MongoDB
Even though it has improved its transactional capabilities over the last few years, MongoDB is still architecturally not a good fit for transactional applications with strict guarantees on low latency and high throughput. Using transactions in MongoDB today essentially means giving up on high performance and horizontal scalability. Yugabyte believe this is a compromise fast-growing online services should not be forced to make. As shown in the table below, we architected YugabyteDB to simultaneously deliver transactional guarantees, high performance, and linear scalability. A 3-node YugabyteDB cluster supports both single-shard and multi-shard transactions and seamlessly scales out on-demand (in single region as well as across multiple regions) to increase write throughput without compromising low latency reads.
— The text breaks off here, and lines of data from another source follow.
Lemma psum_vsum_on N K : psum s (vsum on N) K = fsum (fun i => psum s (on i) K) N.
Proof.
  induction N as [| N IH]; cbn [vsum fsum].
  - apply (psum_stable s _ 0); [reflexivity | lia].
  - rewrite psum_add_disjoint, IH; [reflexivity |].
    intros k. destruct (Nat.le_gt_cases (H N) k).
    + left. apply vsum_on_support. assumption.
    + right. unfold on. apply on_block_outside. lia.
Qed.

Lemma psum_vsum_off_le N K : psum s (vsum off N) K <= qconst s ^ N * (INR N * tau).
Proof.
  eapply Rle_trans; [apply psum_vsum_le; exact hs |].
  apply Rmult_le_compat_l; [apply pow_le; pose proof (qconst_ge1 s hs); lra |].
  rewrite <- fsum_const. apply fsum_le. intros i _. apply w_off_small.
Qed.

Variables (N : nat) (alpha beta : R).
Hypotheses (w_member : forall i, lp_member s (w i))
  (w_size : forall i, alpha <= lp_sum s (w i) <= beta)
  (W_member : lp_member s (vsum w N)).

Lemma lp_sum_vsum_lower :
  INR N * (alpha - tau) <= qconst s * (lp_sum s (vsum w N) + qconst s ^ N * (INR N * tau)).
Proof.
  assert (hon : INR N * (alpha - tau) <= psum s (vsum on N) (H N)).
  { rewrite psum_vsum_on, <- fsum_const. apply fsum_le. intros i hi.
    pose proof (lp_sum_le_on_block s _ _ (w i) tau (w_member i) (w_off_small i)).
    pose proof (w_size i). fold (on i) in H0.
    assert (psum s (on i) (H (S i)) <= psum s (on i) (H N)) by (apply psum_mono, H_mono; lia).
    lra. }
  pose proof (psum_le_sub s (vsum on N) (vsum off N) (H N) hs) as hsub.
  rewrite (functional_extensionality (fun k => Cadd (vsum on N k) (vsum off N k)) (vsum w N))
    in hsub by (intros k; symmetry; apply vsum_on_off).
  pose proof (psum_le_lp_sum s _ (H N) W_member).
  pose proof (psum_vsum_off_le N (H N)). pose proof (qconst_ge1 s hs).
  nra.
Qed.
Following are the key areas of difference between YugabyteDB 1.1 and MongoDB 4.0.
Data modeling
MongoDB is a document-oriented database that only supports document data modeling. On the other hand, YugabyteDB is a multi-model and multi-API database that supports multiple different types of data modeling including document data (with the native JSON data type support in the Cassandra-compatible YCQL API) and relational data (with the PostgreSQL-compatible YSQL API).
Automatic sharding
Sharding is not automatic in MongoDB because a Replica Set has to be manually converted to Sharded Cluster. On the other hand, YugabyteDB automatically shards data in any cluster of any size.
Fault tolerance
Fault-tolerance for a given shard is similar in both systems because both rely on Raft consensus protocol for fast primary/leader election.
Synchronous data replication
While primary election is Raft-based in MongoDB, actual data replication is not. Data replication is asynchronous where secondary pulls from primary. Both leader election and data replication are based on Raft distributed consensus.
Durable and fast writes
Durability can be achieved in MongoDB only w/ majority writeConcern which suffers from asynchronous replication lag. On the other hand, durability is by default in YugabyteDB because the write path is based on Raft's synchronous data replication and majority consensus. Synchronous replication is typically of lower latency than the completely asynchronous approach of MongoDB.
Linearizable and fast reads
Linearizable single-key reads are only possible w/ linearizable readConcern which is high latency given quorum at read time. On the other hand, linearizable reads served directly off the shard leader w/o quorum in YugabyteDB making it 3x faster than MongoDB both in terms of latency and throughput.
Single key and single shard transactions
Both databases support single-key and single-shard transactions. In MongoDB, the transaction is coordinated by the primary in a Replica Set. In YugabyteDB, the transaction is coordinated by Raft leader for a shard (similar to Google Spanner).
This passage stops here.